Monday, January 4, 2010

Gingerbread Houses and Me.

Last Christmas we were brand new to Brussels. We attempted our first gingerbread house. I was ambitious as a brand new stay-at-home mom to be all Martha Stewart-y. Um, it was not a pretty picture. I tried to make my own gingerbread in our tiny Belgian oven which was a recipe for disaster.The "building" of the house was an even bigger failure than the cakelike bread. Connor wasn't exactly sure what was happening.
This is as far as we got....I know, pretty pathetic!
Fast forward a year -
We were very fortunate to book a trip home to North Carolina for Christmas 2009. There is much to tell from our Noel adventure.

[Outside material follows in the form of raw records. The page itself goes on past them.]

(* Let $d\geq 2$ and let $\Lambda$ be any quantum channel (completely positive trace-preserving map) on $d\times d$ matrices. Let $|\Phi^{+}\rangle=\frac{1}{\sqrt d}\sum_{i=0}^{d-1}|ii\rangle\in\mathbb{C}^d\otimes\mathbb{C}^d$ and $\rho_{\Phi^+,\Lambda}=(\mathcal{I}\otimes\Lambda)(|\Phi^+\rangle\langle\Phi^+|)$. Then $$\mathbb{F}(\Lambda)\geq\lambda_{\max}(\rho_{\Phi^+,\Lambda}),$$ where $\lambda_{\max}$ denotes the largest eigenvalue.
   Context: For a pure state $|\psi\rangle\in\mathbb{C}^d\otimes\mathbb{C}^d$ and a channel $\Lambda$ acting on the second factor, $\rho_{\psi,\Lambda}=(\mathcal{I}\otimes\Lambda)(|\psi\rangle\langle\psi|)$. The singlet fraction of a two-qudit state $\rho$ is $\mathbb{F}(\rho)=\max_{|\Phi\rangle}\langle\Phi|\rho|\Phi\rangle$, the maximum over all maximally entangled states $|\Phi\rangle\in\mathbb{C}^d\otimes\mathbb{C}^d$. The maximum achievable singlet fraction is $\mathbb{F}^*(\rho)=\max_{L}\mathbb{F}(L(\rho))$, the maximum over all trace-preserving LOCC operations $L$ (local operations and classical communication between the two parties). The one-shot optimal singlet fraction of the channel is $\mathbb{F}(\Lambda)=\max_{|\psi\rangle}\mathbb{F}^*(\rho_{\psi,\Lambda})$, maximized over all pure states $|\psi\rangle\in\mathbb{C}^d\otimes\mathbb{C}^d$. *)

From HB Require Import structures.
From mathcomp Require Import all_boot all_order all_algebra.
From mathcomp Require Import boolp classical_sets reals.
From mathcomp Require Export complex mxtens.

Set Implicit Arguments.
Unset Strict Implicit.
Unset Printing Implicit Defensive.

Import GRing.Theory Num.Theory.
Local Open Scope ring_scope.
Local Open Scope classical_set_scope.

(** Complex scalars are [R[i]] for a real field [R]; a vector in
    C^a (x) C^b is a column vector of size [a * b], the index of
    |i>|k> being [mxtens_index (i, k)] (the convention of [tensmx],
    the Kronecker product [A *t B]). *)

Definition adj {R : rcfType} {m n : nat} (A : 'M[R[i]]_(m, n)) : 'M[R[i]]_(n, m) :=
  (map_mx (@conjc R) A)^T.

(** positive semidefinite: <v|A|v> >= 0 (real and nonnegative) for all v *)
Definition psd {R : rcfType} {n : nat} (A : 'M[R[i]]_n) : Prop :=
  forall v : 'cV[R[i]]_n, 0 <= (adj v *m A *m v) 0 0.

Definition block {R : rcfType} {a b : nat} (X : 'M[R[i]]_(a * b)) (i j : 'I_a)
  : 'M[R[i]]_b :=
  \matrix_(k, l) X (mxtens_index (i, k)) (mxtens_index (j, l)).

(** (I_k (x) Phi)(X) = sum_{i,j} |i><j| (x) Phi(<i|X|j>) *)
Definition id_tens {R : rcfType} {k m n : nat}
  (Phi : 'M[R[i]]_m -> 'M[R[i]]_n) (X : 'M[R[i]]_(k * m)) : 'M[R[i]]_(k * n) :=
  \sum_(i < k) \sum_(j < k) (delta_mx i j *t Phi (block X i j)).

Definition ptrace2 {R : rcfType} {a b : nat} (X : 'M[R[i]]_(a * b)) : 'M[R[i]]_a :=
  \matrix_(i, j) \tr (block X i j).

Definition linear_map {R : rcfType} {m n : nat} (Phi : 'M[R[i]]_m -> 'M[R[i]]_n)
  : Prop :=
  forall (c : R[i]) (X Y : 'M[R[i]]_m), Phi (c *: X + Y) = c *: Phi X + Phi Y.

Definition completely_positive {R : rcfType} {m n : nat}
  (Phi : 'M[R[i]]_m -> 'M[R[i]]_n) : Prop :=
  forall (k : nat) (X : 'M[R[i]]_(k * m)), psd X -> psd (id_tens Phi X).

Definition trace_preserving {R : rcfType} {m n : nat}
  (Phi : 'M[R[i]]_m -> 'M[R[i]]_n) : Prop :=
  forall X : 'M[R[i]]_m, \tr (Phi X) = \tr X.

Definition channel {R : rcfType} {m n : nat} (Phi : 'M[R[i]]_m -> 'M[R[i]]_n)
  : Prop :=
  [/\ linear_map Phi, completely_positive Phi & trace_preserving Phi].

Definition unit_vector {R : rcfType} {n : nat} (v : 'cV[R[i]]_n) : Prop :=
  (adj v *m v) 0 0 = 1.

(** maximally entangled pure states of C^d (x) C^d: the reduced state is
    maximally mixed (this forces the vector to be a unit vector) *)
Definition max_entangled {R : rcfType} (d : nat) (phi : 'cV[R[i]]_(d * d)) : Prop :=
  ptrace2 (phi *m adj phi) = ((d%:R : R[i])^-1)%:M.

Definition phiplus {R : rcfType} (d : nat) : 'cV[R[i]]_(d * d) :=
  ((Num.sqrt (d%:R : R))^-1)%:C%C *:
    \sum_(i < d) (delta_mx i (0 : 'I_1) *t delta_mx i (0 : 'I_1) : 'cV[R[i]]_(d * d)).

Definition rho_of {R : rcfType} {d : nat} (psi : 'cV[R[i]]_(d * d))
  (Lam : 'M[R[i]]_d -> 'M[R[i]]_d) : 'M[R[i]]_(d * d) :=
  id_tens Lam (psi *m adj psi).

(** Trace-preserving LOCC operations (finitely many rounds) from
    C^a (x) C^b to C^a' (x) C^b'.  In each round one party performs a
    local measurement (instrument), given by Kraus operators
    K_1..K_n : C^a -> C^a0 with sum_j K_j^dag K_j = I (the local output
    dimension a0 is arbitrary), broadcasts the outcome j, and the protocol
    continues with an LOCC operation L_j depending on j.  The overall map is
    X |-> sum_j L_j((K_j (x) I) X (K_j (x) I)^dag) (outcomes are forgotten at
    the end). *)
Inductive LOCC (R : rcfType) :
  forall a b a' b' : nat, ('M[R[i]]_(a * b) -> 'M[R[i]]_(a' * b')) -> Prop :=
| LOCC_id (a b : nat) : LOCC (fun X : 'M[R[i]]_(a * b) => X)
| LOCC_Alice (a b a0 a' b' n : nat) (K : 'I_n -> 'M[R[i]]_(a0, a))
    (L : 'I_n -> 'M[R[i]]_(a0 * b) -> 'M[R[i]]_(a' * b')) :
    \sum_(j < n) (adj (K j) *m K j) = 1%:M ->
    (forall j, LOCC (L j)) ->
    LOCC (fun X : 'M[R[i]]_(a * b) =>
      \sum_(j < n) L j ((K j *t (1%:M : 'M[R[i]]_b)) *m X
                          *m adj (K j *t (1%:M : 'M[R[i]]_b))))
| LOCC_Bob (a b b0 a' b' n : nat) (K : 'I_n -> 'M[R[i]]_(b0, b))
    (L : 'I_n -> 'M[R[i]]_(a * b0) -> 'M[R[i]]_(a' * b')) :
    \sum_(j < n) (adj (K j) *m K j) = 1%:M ->
    (forall j, LOCC (L j)) ->
    LOCC (fun X : 'M[R[i]]_(a * b) =>
      \sum_(j < n) L j (((1%:M : 'M[R[i]]_a) *t K j) *m X
                          *m adj ((1%:M : 'M[R[i]]_a) *t K j))).

Definition singlet_fraction {R : realType} {d : nat} (rho : 'M[R[i]]_(d * d)) : R :=
  sup [set complex.Re ((adj phi *m rho *m phi) 0 0) | phi in @max_entangled R d].

Definition max_singlet_fraction {R : realType} {d : nat} (rho : 'M[R[i]]_(d * d)) : R :=
  sup [set singlet_fraction (L rho) | L in [set L | @LOCC R d d d d L]].

Definition channel_singlet_fraction {R : realType} {d : nat}
  (Lam : 'M[R[i]]_d -> 'M[R[i]]_d) : R :=
  sup [set max_singlet_fraction (rho_of psi Lam) | psi in @unit_vector R (d * d)].

(** largest eigenvalue (of a Hermitian matrix, whose eigenvalues are real) *)
Definition lambda_max {R : realType} {n : nat} (A : 'M[R[i]]_n) : R :=
  sup [set x : R | eigenvalue A (x%:C)%C].

From HB Require Import structures.
From mathcomp Require Import all_boot all_order all_algebra.
From mathcomp Require Import boolp classical_sets reals.
From mathcomp Require Import complex mxtens ring.

Set Implicit Arguments.
Unset Strict Implicit.
Unset Printing Implicit Defensive.
Import Order.TTheory GRing.Theory Num.Theory.
Local Open Scope ring_scope.

(* For a unit vector chi = sum_(k,i) M_ki |k>|i>, let psi = swap_conj chi be
   the vector with coefficient matrix M^dagger.  Both <chi|rho_(Phi+,Lam)|chi>
   and <Phi+|rho_(psi,Lam)|Phi+> expand to
     1/d sum_(k,l,i,j) conj(M_ki) M_lj Lam(|k><l|)_ij.
   For a unit eigenvector chi the left-hand side is the eigenvalue, and the
   right-hand side is a fidelity with a maximally entangled state, hence at
   most F(rho_psi) <= F*(rho_psi) <= F(Lam), the middle step by the trivial
   LOCC protocol.  The suprema are finite because LOCC maps states to states
   and <phi|rho|phi> <= 2^(d^2) tr rho whenever rho >= 0 and the entries of
   phi have modulus at most 1. *)

Lemma sum_delta_nat (R : pzSemiRingType) n (i : 'I_n) (F : 'I_n -> R) :
  \sum_(k < n) (i == k)%:R * F k = F i.
Proof.
rewrite (bigD1 i) //= eqxx mul1r big1 ?addr0 // => k /negPf neq_ki.
by rewrite eq_sym neq_ki mul0r.
Qed.

Lemma exchange_big_pairs (V : nmodType) (I J : finType) (F : I -> I -> J -> J -> V) :
  \sum_k \sum_l \sum_i \sum_j F k l i j = \sum_i \sum_j \sum_k \sum_l F k l i j.
Proof.
under eq_bigr do rewrite exchange_big; rewrite exchange_big.
by under eq_bigr do under eq_bigr do rewrite exchange_big; under eq_bigr do rewrite exchange_big.
Qed.

Lemma big_mxtens_index (V : nmodType) a b (F : 'I_(a * b) -> V) :
  \sum_(m < a * b) F m = \sum_(i < a) \sum_(k < b) F (mxtens_index (i, k)).
Proof.
rewrite pair_big /= (reindex (@mxtens_index a b)) /=; first by apply: eq_bigr => -[].
by exists (@mxtens_unindex a b) => m _; rewrite (mxtens_indexK, mxtens_unindexK).
Qed.

Section Tensor.
Variable R : pzRingType.

Lemma tensmx11 a b : (1%:M : 'M[R]_a) *t (1%:M : 'M[R]_b) = 1%:M.
Proof.
apply/matrixP => i j.
case: (mxtens_indexP i) => i1 i2; case: (mxtens_indexP j) => j1 j2.
rewrite tensmxE !mxE (can_eq (@mxtens_indexK a b)) xpair_eqE.
by case: (i1 == j1); case: (i2 == j2); rewrite ?mulr1 ?mulr0.
Qed.

Lemma tensmx_suml m n p q I (r : seq I) (P : pred I) (F : I -> 'M[R]_(m, n))
  (B : 'M[R]_(p, q)) :
  (\sum_(i <- r | P i) F i) *t B = \sum_(i <- r | P i) (F i *t B).
Proof.
apply/matrixP => i j; rewrite !mxE !summxE mulr_suml.
by apply: eq_bigr => k _; rewrite !mxE.
Qed.
Theorem Im_dconv_Rseq_ge0 (phi : nat -> C) (M : nat) : phi 0%N = 0 ->
  0 <= complex.Im (\sum_(1 <= m < M.+1)
     dconv f phi m * conjc ((phi m.-1 + phi m) / 2)).
Proof.
move=> phi0; set L := fpsC (2 / h)%:C * Fps f.
have LL : L ^+ 2 = Klin (1 / h ^+ 2 + 5 * A / 6) (B / 6) ^+ 2
                   - Dlin (1 / h ^+ 2 - A / 6) (B / 6) ^+ 2.
  rewrite -Rseq_quad_factor /L exprMn -(rmorphXn (@fpsC C)).
  rewrite (fps_sqr_recurrence Rseq1 Rseq_rec) mulrA -rmorphM.
  rewrite -(rmorphXn (real_complex R)).
  by congr (fpsC (_%:C * _) * _); field; rewrite ?gt_eqF.
have ImL0_gt0 : 0 < complex.Im (fcoef L 0).
  by rewrite /L fcoefCM Im_realM mulr_gt0 ?divr_gt0 ?Im_c1coef_gt0.
have := Im_bform_ge0 (divr_gt0 B_gt0 (ltr0n _ 6)) LL ImL0_gt0 M
  (phi := Fps phi) phi0.
suff -> : bform M L (Fps phi) (Fps phi) = (4 / h)%:C * \sum_(1 <= m < M.+1)
    dconv f phi m * conjc ((phi m.-1 + phi m) / 2).
  by rewrite Im_realM pmulr_rge0 // divr_gt0.
rewrite /bform mulr_sumr; apply: eq_big_nat => -[//|m] _.
rewrite /L -mulrA fcoefCM -[fcoef (Fps f * _) _]/(dconv f phi _).
rewrite [(1 + _) * _]mulrDl mul1r fcoefD fcoefXM /= conjc_mid [conjc (_ + _)]rmorphD.
have -> : (4 / h)%:C = 2 * (2 / h)%:C :> C.
  rewrite -(rmorph_nat (real_complex R) 2) -rmorphM.
  by congr _%:C; field; rewrite gt_eqF.
by field; apply/eqP => -[/eqP]; rewrite gt_eqF.
Qed.

End ReferenceKernel.

(** * Diagonalization by the discrete sine transform *)

Section Diagonalization.
Variables (R : realType) (n : nat) (X : nat -> R) (J : nat -> nat).
Local Notation C := R[i].
Local Notation I := (midx n J).

Definition cell_vol : R := \prod_(k < n.-1) hstep X J k.+2.
Definition dst_const : R := \prod_(k < n.-1) (2 / (J k.+2)%:R).

Lemma sigmak_ge0 l q : 0 <= sigmak X J l q.
Proof.
rewrite /sigmak; set t := pi * _ * _ / _.
have : sin t ^+ 2 <= 1 by rewrite -(cos2Dsin2 t) lerDr sqr_ge0.
lra.
Qed.
(* For every $n\ge 1$, \[ \mathrm{URL}_n=\{\mathrm{shape}(\Psi(\sigma)) : \sigma\in \mathrm{And}^{I}_n\}=\{\mathrm{shape}(\Psi(\sigma)) : \sigma\in \mathrm{And}^{II}_n\}=\{\mathrm{shape}(\Psi(\sigma)) : \sigma\in \mathrm{RS}_n\}. \]
   Context: A binary tree is a rooted tree in which every vertex has no child, a single left child, a single right child, or both. An increasing binary tree is a binary tree with distinct labels increasing along every path from the root. The map $\Psi$ sends a word $\pi$ of distinct integers to an increasing binary tree: $\Psi(\emptyset)=\emptyset$; otherwise write $\pi=\sigma\, i\,\tau$ with $i$ the least letter of $\pi$, and let $\Psi(\pi)$ have root $i$, left subtree $\Psi(\sigma)$ and right subtree $\Psi(\tau)$. $\mathrm{shape}(T)$ is the underlying unlabeled binary tree of $T$. $\mathrm{URL}_n$ is the set of unlabeled rooted binary trees with $n$ vertices in which no vertex has a left child but no right child. Andr\'e permutations: the empty word and one-letter words are Andr\'e I and Andr\'e II. A word $\sigma$ of $n\ge2$ distinct integers, written $\sigma=\tau\,\min(\sigma)\,\tau'$, is Andr\'e I (resp. II) if $\tau,\tau'$ are Andr\'e I (resp. II) and the largest (resp. smallest) letter of $\tau\tau'$ lies in $\tau'$. $\mathrm{And}^{I}_n$, $\mathrm{And}^{II}_n$ denote these permutations of $[n]$. A permutation $\sigma=\sigma_1\cdots\sigma_n$ of $[n]$ is simsun if $\sigma_n=n$ and for every $k\in[n]$ the subword of $\sigma$ formed by the letters $1,\dots,k$ has no index $i$ with $w_i>w_{i+1}>w_{i+2}$. $\mathrm{RS}_n$ is the set of simsun permutations of $[n]$. *)

From mathcomp Require Import all_boot.
Set Implicit Arguments. Unset Strict Implicit. Unset Printing Implicit Defensive.

Inductive btree := BLeaf | BNode of btree & btree.

Inductive ltree := LLeaf | LNode of ltree & nat & ltree.

Fixpoint tshape (t : ltree) : btree :=
  match t with
  | LLeaf => BLeaf
  | LNode l _ r => BNode (tshape l) (tshape r)
  end.

Fixpoint bsize (t : btree) : nat :=
  match t with BLeaf => 0 | BNode l r => (bsize l + bsize r).+1 end.

Definition is_node (t : btree) : bool := if t is BNode _ _ then true else false.

Fixpoint no_lonely_left (t : btree) : bool :=
  match t with
  | BLeaf => true
  | BNode l r => ~~ (is_node l && ~~ is_node r) && no_lonely_left l && no_lonely_left r
  end.

Definition URL (n : nat) (t : btree) : Prop := bsize t = n /\ no_lonely_left t.

(* least / largest letter of a word (meaningful for nonempty words) *)
Definition wmin (w : seq nat) : nat := foldr minn (head 0 w) w.
Definition wmax (w : seq nat) : nat := foldr maxn 0 w.

Definition wleft (w : seq nat) : seq nat := take (index (wmin w) w) w.
Definition wright (w : seq nat) : seq nat := drop (index (wmin w) w).+1 w.

(* Psi, defined by recursion with fuel; fuel = size w suffices since the
   two factors are strictly shorter. *)
Fixpoint psi_fuel (k : nat) (w : seq nat) : ltree :=
  match k with
  | 0 => LLeaf
  | k'.+1 => if w is [::] then LLeaf
             else LNode (psi_fuel k' (wleft w)) (wmin w) (psi_fuel k' (wright w))
  end.
Definition Psi (w : seq nat) : ltree := psi_fuel (size w) w.

Fixpoint andreI_fuel (k : nat) (w : seq nat) : bool :=
  match k with
  | 0 => size w <= 1
  | k'.+1 =>
    (size w <= 1) ||
    [&& andreI_fuel k' (wleft w), andreI_fuel k' (wright w)
      & wmax (wleft w ++ wright w) \in wright w]
  end.
Definition andreI (w : seq nat) : bool := andreI_fuel (size w) w.

Fixpoint andreII_fuel (k : nat) (w : seq nat) : bool :=
  match k with
  | 0 => size w <= 1
  | k'.+1 =>
    (size w <= 1) ||
    [&& andreII_fuel k' (wleft w), andreII_fuel k' (wright w)
      & wmin (wleft w ++ wright w) \in wright w]
  end.
Definition andreII (w : seq nat) : bool := andreII_fuel (size w) w.

Definition is_perm (n : nat) (w : seq nat) : bool := perm_eq w (iota 1 n).

Definition AndI (n : nat) (w : seq nat) : Prop := is_perm n w /\ andreI w.
Definition AndII (n : nat) (w : seq nat) : Prop := is_perm n w /\ andreII w.
Definition sign_in (A : {set 'I_D}) (i : 'I_D) : R := if i \in A then 1 else -1.

Definition toggle (i : 'I_D) (A : {set 'I_D}) : {set 'I_D} :=
  if i \in A then A :\ i else i |: A.

Lemma toggleK (i : 'I_D) : involutive (toggle i).
Proof.
move=> A; rewrite {2}/toggle; case: (boolP (i \in A)) => iA.
  by rewrite /toggle setD11 setD1K.
by rewrite /toggle setU11 setU1K.
Qed.

Lemma sign_in_toggle (i i' : 'I_D) (A : {set 'I_D}) :
  sign_in (toggle i A) i' = if i' == i then - sign_in A i' else sign_in A i'.
Proof.
rewrite /sign_in /toggle; case: eqP => [-> | /eqP ne]; case: (boolP (i \in A)) => iA.
- by rewrite setD11; lra.
- by rewrite setU11; lra.
- by rewrite in_setD1 ne.
- by rewrite in_setU1 (negbTE ne).
Qed.

Lemma sum_sign_in (A : {set 'I_D}) :
  \big[Rplus/0]_(i : 'I_D) sign_in A i = 2 * INR #|A| - INR D.
Proof.
rewrite (eq_bigr (fun i => 2 * (if i \in A then 1 else 0) + -1)); last first.
  by move=> i _; rewrite /sign_in; case: ifP => _; lra.
rewrite big_split /= -big_distrr /= -INR_card sumR_const_ord.
by rewrite (_ : INR D * -1 = - INR D) //; ring.
Qed.

Lemma sum_sign_in_mul (i i' : 'I_D) : i' != i ->
  \big[Rplus/0]_(A : {set 'I_D}) (sign_in A i * sign_in A i') = 0.
Proof.
move=> ne.
have : \big[Rplus/0]_(A : {set 'I_D}) (sign_in A i * sign_in A i')
       = \big[Rplus/0]_(A : {set 'I_D}) (-1 * (sign_in A i * sign_in A i')).
  rewrite (reindex_inj (can_inj (toggleK i))) /=; apply: eq_bigr => A _.
  by rewrite !sign_in_toggle eqxx (negbTE ne); lra.
by rewrite -big_distrr /=; lra.
Qed.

When we arrived home we had a package waiting for us from my aunt, Ruffin. We opened this up...
...Ruffin was worried it might be a foolish gift. But Connor started shivering - literally - with excitement to make the gingerbread house. She was fixated on it. So we made the house. I tried to start off optimistic - and to block out memories of Ghosts of Gingerbread Houses Past.
Of course Connor skipped across the kitchen dancing and singing while Mom and I did the hard work. Go REDHEAD Team!
It was messy. I couldn't believe my mom actually let me make such a big mess.
Yep, we look pretty ragged. No time for make-up with a Gingerbread House in the plans.
Connor would pop up every now and then to supervise our work. She would beg to eat a few candies and then twirl back into her musical world.
Let's just say it was not pretty. We had several demolitions and remodels on our house before we got it together.
We stepped away for just a split second and came back to this. Phooey! Good thing I am not a contractor.
The funny part is this wasn't even our first gingerbread house attempt this Christmas. In Brussels we tried one out.
This one never made it off the ground. And certainly never to the candy design.
I don't know what my problem is with gingerbread houses?!?! The concept is simple enough...smash pieces together with icing glue. I mean it is not rocket science. For this year's Brussels gingerbread disaster I cried "Mercy!" and let Connor eat the walls.
It has always bothered me to work so hard and then not to eventually eat candy houses. So we bent the rules and indulged. Given our toppled construction and all.
I give up. Think from now on I will stick with the gingerbread men. The three houses this year and last weren't my most shining moments of craftiness. But they did succeed in providing a lot of laughter.

My failures make me ogle that much more over this year's White House Gingerbread House. Maybe I should go take some lessons from these guys....

3 comments:

Dallas said...

I gotta tell you, when I first opened this post, I didn't realize the first picture was a year ago and I thought you had cut off all of Connor's hair. :) Love the house you and your mom made.

Louise said...

That last photo is gorgeous. I love the ones where they're not smiling-- shows so much about their personalities.

BelgiumBound said...

Hey Reid,
Last year we bought a gingerbread train set and it was the best I've ever done. It had ridges in the bottom plastic tray so we could set the gingerbread pieces inside and they wouldn't move quite as easily...then we did our little village this year, and it didn't have the ridged tray, so it didn't go quite as well. Bottom line is, next year I'm looking for another try that comes with the gingerbread kit. That might help you too??